Insgesamt ist die Schlange zwei Meter lang, also exakt so
wie unsere Matratzen. So kann ich sie als Ergänzung zu meinem
Seitenschläferkissen genauso nutzen, wie zusammengetüdelt
als zusätzliches Kissen. Ja, ich mag viele Kissen im Bett.
SEHR viele Kissen!


Die Größe der Quadrate hatte ich anhand der Seitenlänge eines meiner 
Reststücke gewählt. Um den passenden Kreisdurchmesser für das
Endstück zu ermitteln, musste ich deswegen tatsächlich meine eingerosteten
Mathekenntnisse rektivieren. Da war doch was mit Pi?

Tatsächlich ist es ganz einfach:
Radius = Umfang:(2xPi)

Mein Umfang war 41 cm, ergab einen Radius von 6,5.
Nahtzugabe dazu, also bei mir 7 cm. Auf dem Zirkel einstellen,
Kreis zeichnen, fertig. Passte wie angegossen.

Man kann sich den Radius aber zum Beispiel auch
hier ganz ohne eigenen Hirnschmalz ausrechnen lassen ;-)

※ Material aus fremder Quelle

Definition cartesian (E B : Category) (P : Functor E B) (Y X : E) (f : hom Y X) : Prop :=
  forall (Z : E) (g : hom Z X) (h : hom (P Z) (P Y)),
    cmp (fmap P f) h = fmap P g ->
    exists k : hom Z Y, (fmap P k = h /\ cmp f k = g) /\
      forall k' : hom Z Y, fmap P k' = h -> cmp f k' = g -> k' = k.

Lemma cartesian_id (E B : Category) (P : Functor E B) (X : E) :
  cartesian P (idm X).
Proof.
  intros Z g h H. rewrite fmap_id, cmp_idl in H.
  exists g; split; [split; [symmetry; exact H| apply cmp_idl]|].
  intros k' _ Hk; rewrite cmp_idl in Hk; exact Hk.
Qed.

Lemma cartesian_cmp (E B : Category) (P : Functor E B) (W Y X : E)
  (f1 : hom Y X) (f2 : hom W Y) :
  cartesian P f1 -> cartesian P f2 -> cartesian P (cmp f1 f2).
Proof.
  intros c1 c2 Z g h H.
  rewrite fmap_cmp, <- cmp_assoc in H.
  destruct (c1 Z g _ H) as [k1 [[Pk1 fk1] u1]].
  destruct (c2 Z k1 h (eq_sym Pk1)) as [k2 [[Pk2 fk2] u2]].
  exists k2; split; [split; [exact Pk2|]|].
  - rewrite <- cmp_assoc, fk2; exact fk1.
  - intros k' Pk' fk'.
    apply u2; [exact Pk'|].
    apply u1; [rewrite fmap_cmp, Pk'; reflexivity|].
    rewrite cmp_assoc; exact fk'.
Qed.

Record Fibration (E B : Category) := {
  fib :> Functor E B;
  reindex : forall (X : E) (I : B), hom I (fib X) -> E;
  clift : forall (X : E) (I : B) (s : hom I (fib X)), hom (reindex s) X;
  clift_cart : forall X I (s : hom I (fib X)), cartesian fib (clift s);
  clift_over : forall X I (s : hom I (fib X)), arr (fmap fib (clift s)) = arr s }.

Arguments reindex {_ _} _ {_ _} _.
Arguments clift {_ _} _ {_ _} _.

Definition CartCat (E B : Category) (P : Functor E B) : Category.
Proof.
  refine {| ob := ob E; hom := fun a b => {f : hom a b | cartesian P f};
            idm := fun a => exist _ (idm a) (@cartesian_id _ _ P a);
            cmp := fun a b c g f => exist _ (cmp (proj1_sig g) (proj1_sig f))
                     (cartesian_cmp (proj2_sig g) (proj2_sig f)) |}.
  - intros a b f; apply sig_eq_hprop; simpl; apply cmp_idl.
  - intros a b f; apply sig_eq_hprop; simpl; apply cmp_idr.
  - intros a b c d h g f; apply sig_eq_hprop; simpl; apply cmp_assoc.
Defined.

Definition CartFunctor (D E B : Category) (p : Functor D B) (q : Functor E B)
  (chi : Functor D E)
  (H : forall a b (f : hom a b), cartesian p f -> cartesian q (fmap chi f)) :
  Functor (CartCat p) (CartCat q).
Proof.
  refine {| fob := fun a : CartCat p => (chi a : CartCat q);
            fmap := fun (a b : CartCat p) (f : @hom (CartCat p) a b) =>
                      exist _ (fmap chi (proj1_sig f)) (H _ _ _ (proj2_sig f)) |}.
  - intros a; apply sig_eq_hprop; simpl; apply fmap_id.
  - intros a b c g f; apply sig_eq_hprop; simpl; apply fmap_cmp.
Defined.

Definition discrete_fibration (C D : Category) (F : Functor C D) : Prop :=
  forall (c : C) (d : D) (u : hom d (F c)),
    exists (c' : C) (v : hom c' c), arr (fmap F v) = arr u /\
      forall (c'' : C) (v' : hom c'' c), arr (fmap F v') = arr u ->
        existT (fun x => hom x c) c'' v' = existT (fun x => hom x c) c' v.

Record NotionOfStructure (B E D : Category) (q : Fibration E B) := {
  nfib : Fibration D B;
  chi : Functor D E;
  chi_over_ob : forall d : D, q (chi d) = nfib d;
  chi_over_hom : forall a b (f : hom a b),
      arr (fmap q (fmap chi f)) = arr (fmap nfib f);
  chi_cart : forall a b (f : hom a b),
      cartesian nfib f -> cartesian q (fmap chi f);
  chi_discrete : discrete_fibration (CartFunctor chi_cart) }.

Da liegt es nun also in meinem Bett, das kuschelige Schätzchen und ich
habe sogar meinen Sack Füllwatte bis auf den letzten Fitzel aufgebraucht.
Das ist natürlich erfreulich, schließlich möchte ich meinen Materialschrank
deutlich erleichtern. Allerdings haben inzwischen beide Kinder
ebenfalls den Wunsch nach solch einer kuscheligen Schlange
geäußert, also bestelle ich wohl einfach mal den nächsten Karton
Füllwatte... So wird das nix!

Ansonsten?
Hier beginnen heute die Herbstferien. Die Freude ist groß,
auch wenn die Große quasi durchlernen muss, weil sie unmittelbar danach
ihre Vorabi-Arbeiten schreibt und auch das richtige Abi inzwischen
verdammt nah ist - in drei Monaten geht’s los... Die Missi
hat am Wochenende Turnier und auch noch ein paar Schulsachen 
auf dem Zettel, klassische Herbstferien eben. Aber alleine das
morgendliche Ausschlafen ist schon purer Luxus und wir werden
auch schauen, dass wir uns wenigstens ein Wochenende 
lang nochmal irgendwo auslüften können. Und ich persönlich werde
die Zeit nutzen, aus Chronistengründen endlich mal die 
Sommerfotos hier ins Blog zu bekommen...

Kommt gut ins Wochenende!

5. Oktober 2021

Tagebuchbloggen { 5. Oktober 2021 }

 "Was machst Du eigentlich den ganzen Tag?"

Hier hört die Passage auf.